Lemma doubling_continuous j x t : a <= x -> 0 < t -> forall e, 0 < e -> exists d, 0 < d /\
  forall x' t', a <= x' -> 0 < t' -> Rabs (x' - x) < d -> Rabs (t' - t) < d ->
  Rabs (doubling j x' t' - doubling j x t) < e.
Proof.
  intros Hx Ht e He.
  destruct (Hcu j x Hx (e / 4)) as [d1 [Hd1 Hu]]; [lra |].
  destruct (Hcw j (x + t) ltac:(lra) (e / 4)) as [d2 [Hd2 Hw]]; [lra |].
  assert (He' : 0 < e / (4 * eps)) by (apply Rdiv_lt_0_compat; lra).
  destruct (continuous_ln t Ht (fun z => Rabs (z - ln t) < e / (4 * eps))) as [d3 Hln].
  { exists (mkposreal _ He'). auto. }
  set (L := / del + 3 * bet).
  destruct (at_right_0_exists_pos _
    (filter_and _ _ (at_right_0_mul_le 1 d1 Hd1)
    (filter_and _ _ (at_right_0_mul_le 2 d2 Hd2)
    (filter_and _ _ (at_right_0_mul_le 1 d3 (cond_pos d3))
                    (at_right_0_mul_le L (e / 4) ltac:(lra))))))
    as [d [Hd [Hdd1 [Hdd2 [Hdd3 HdL]]]]].
  exists d. split; [exact Hd |]. intros x' t' Hx' Ht' Hdx Hdt.
  apply Rabs_lt_between' in Hdx, Hdt.
  assert (Bu : Rabs (u j x' - u j x) < e / 4) by (apply Hu; [exact Hx' | apply Rabs_def1; lra]).
  assert (Bw : Rabs (w j (x' + t') - w j (x + t)) < e / 4)
    by (apply Hw; [lra | apply Rabs_def1; lra]).
  assert (Bln : Rabs (ln t' - ln t) < e / (4 * eps)).
  { apply (Hln t'). change (Rabs (t' - t) < d3). apply Rabs_def1; lra. }
  apply Rabs_def2 in Bu, Bw, Bln.
  assert (Beps : eps * (e / (4 * eps)) = e / 4) by (field; lra).
  assert (Bln1 : eps * (ln t' - ln t) < e / 4) by (rewrite <- Beps; apply Rmult_lt_compat_l; lra).
  assert (Bln2 : - (e / 4) < eps * (ln t' - ln t)) by (rewrite <- Beps; nra).
  assert (Hid : 0 < / del) by (apply Rinv_0_lt_compat; lra).
  assert (Bt : Rabs (/ del * (t' - t)) <= / del * d).
  { rewrite Rabs_mult, Rabs_pos_eq by lra. apply Rmult_le_compat_l; [lra |]. apply Rabs_le; lra. }
  assert (Bx : Rabs (bet * (2 * (x' - x) + (t' - t))) <= 3 * bet * d).
  { rewrite Rabs_mult, Rabs_pos_eq by lra.
    replace (3 * bet * d) with (bet * (3 * d)) by ring.
    apply Rmult_le_compat_l; [lra |]. apply Rabs_le; lra. }
  apply Rabs_le_between in Bt, Bx.
  unfold doubling, L in *. unfold Rdiv in *. apply Rabs_def1; nra.
Qed.

Lemma doubling_has_max_regime K j :
  (forall j x t, a <= x -> 0 < t -> u j x - w j (x + t) <= K) -> eps * (2 * del) <= 1 ->
  exists x t, (a <= x /\ 0 < t) /\
    forall x' t', a <= x' /\ 0 < t' -> doubling j x' t' <= doubling j x t.
Proof.
  intros HK Hed.
  set (Ref := doubling j a 1).
  assert (Hbox : forall x t, a <= x -> 0 < t -> Ref <= doubling j x t ->
            x <= a + (K - Ref) / (2 * bet) /\ exp (- (K - Ref) / eps) <= t <= 2 * del * (K - Ref)).
  { intros x t Hx Ht Hlev.
    exact (doubling_superlevel_in_box K (K - Ref) HK Hed j x t Hx Ht ltac:(lra)). }
  destruct (Hbox a 1 (Rle_refl a) Rlt_0_1 (Rle_refl _)) as [HX [Heta HT]].
  assert (Hexp : 0 < exp (- (K - Ref) / eps)) by apply exp_pos.
  destruct (continuous_argmax_rectangle (doubling j) a (a + (K - Ref) / (2 * bet))
              (exp (- (K - Ref) / eps)) (2 * del * (K - Ref)) HX ltac:(lra))
    as [xm [tm [Hxm [Htm Hmax]]]].
  { intros x t Hx Ht e He.
    destruct (doubling_continuous j x t ltac:(lra) ltac:(lra) e He) as [d [Hd Hcont]].
    exists d. split; [exact Hd |]. intros x' t' Hx' Ht'. apply Hcont; lra. }
  exists xm, tm. split; [lra |]. intros x' t' [Hx' Ht'].
  destruct (Rle_lt_dec Ref (doubling j x' t')) as [Hge | Hlt].
  - destruct (Hbox x' t' Hx' Ht' Hge). apply Hmax; lra.
  - specialize (Hmax a 1 ltac:(lra) ltac:(lra)). fold Ref in Hmax. lra.
Qed.

Lemma doubling_has_max :
  bounded_on a u -> bounded_on a w -> eps * (2 * del) <= 1 ->
  exists jb xb tb, (a <= xb /\ 0 < tb) /\
    forall j x t, a <= x /\ 0 < t -> doubling j x t <= doubling jb xb tb.
Proof.
  intros [Mu HMu] [Mw HMw] Hed.
  apply argmax_bool. intro j.
  apply doubling_has_max_regime with (K := Mu + Mw); [| exact Hed].
  intros j' x t Hx Ht.
  generalize (HMu j' x Hx) (HMw j' (x + t) ltac:(lra)). intros Hu Hw.
  apply Rabs_le_between in Hu, Hw. lra.
Qed.

End Maximum.

Section AtMaximum.

Variables (jb : bool) (xb tb : R).
Hypotheses (Hxb : a <= xb) (Htb : 0 < tb).

Lemma doubling_max_touch_sub :
  (forall x t, a <= x /\ 0 < t -> doubling jb x t <= doubling jb xb tb) ->
  loc_max_rel a (fun x => u jb x - parabola (eps / tb - / del + bet) (2 * eps / (tb * tb)) xb x) xb.
Proof.
  intro Hmax. exists (tb / 2). split; [lra |]. intros x Hx Hdist.
  apply Rabs_lt_between' in Hdist.
  specialize (Hmax x (xb + tb - x) ltac:(lra)).
  generalize (ln_shift_ge tb (xb - x) Htb ltac:(lra)). intro Hln.
  replace (tb + (xb - x)) with (xb + tb - x) in Hln by ring.
  assert (Heln : eps * ((xb - x) / tb - 2 * ((xb - x) * (xb - x)) / (tb * tb))
                 <= eps * (ln (xb + tb - x) - ln tb)) by (apply Rmult_le_compat_l; lra).
  replace (eps * ((xb - x) / tb - 2 * ((xb - x) * (xb - x)) / (tb * tb)))
    with (eps / tb * (xb - x) - 2 * eps / (tb * tb) * ((x - xb) * (x - xb))) in Heln
    by (field; lra).
  unfold doubling, parabola in *.
  replace (x + (xb + tb - x)) with (xb + tb) in Hmax by ring.
  unfold Rdiv in *. lra.
Qed.

Lemma doubling_max_touch_super :
  (forall x t, a <= x /\ 0 < t -> doubling jb x t <= doubling jb xb tb) ->
  loc_min_rel a
    (fun y => w jb y - parabola (eps / tb - / del - bet) (- (2 * eps / (tb * tb))) (xb + tb) y)
    (xb + tb).
Proof.
  intro Hmax. exists (tb / 2). split; [lra |]. intros y Hy Hdist.
  apply Rabs_lt_between' in Hdist.
  specialize (Hmax xb (y - xb) ltac:(lra)).
  generalize (ln_shift_ge tb (y - (xb + tb)) Htb ltac:(lra)). intro Hln.
  replace (tb + (y - (xb + tb))) with (y - xb) in Hln by ring.
  assert (Heln : eps * ((y - (xb + tb)) / tb - 2 * ((y - (xb + tb)) * (y - (xb + tb))) / (tb * tb))
                 <= eps * (ln (y - xb) - ln tb)) by (apply Rmult_le_compat_l; lra).
  replace (eps * ((y - (xb + tb)) / tb - 2 * ((y - (xb + tb)) * (y - (xb + tb))) / (tb * tb)))
    with (eps / tb * (y - (xb + tb)) - 2 * eps / (tb * tb) * ((y - (xb + tb)) * (y - (xb + tb))))
    in Heln by (field; lra).
  unfold doubling, parabola in *.
  replace (xb + (y - xb)) with y in Hmax by ring.
  unfold Rdiv in *. lra.
Qed.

:::

## Exercise directions
Give back exactly the lines of the listing above, starting with its first line and ending with the line that holds "destruct (continuous_ln t".

## Output below
Lemma doubling_continuous j x t : a <= x -> 0 < t -> forall e, 0 < e -> exists d, 0 < d /\
  forall x' t', a <= x' -> 0 < t' -> Rabs (x' - x) < d -> Rabs (t' - t) < d ->
  Rabs (doubling j x' t' - doubling j x t) < e.
Proof.
  intros Hx Ht e He.
  destruct (Hcu j x Hx (e / 4)) as [d1 [Hd1 Hu]]; [lra |].
  destruct (Hcw j (x + t) ltac:(lra) (e / 4)) as [d2 [Hd2 Hw]]; [lra |].
  assert (He' : 0 < e / (4 * eps)) by (apply Rdiv_lt_0_compat; lra).
  destruct (continuous_ln t Ht (fun z => Rabs (z - ln t) < e / (4 * eps))) as [d3 Hln].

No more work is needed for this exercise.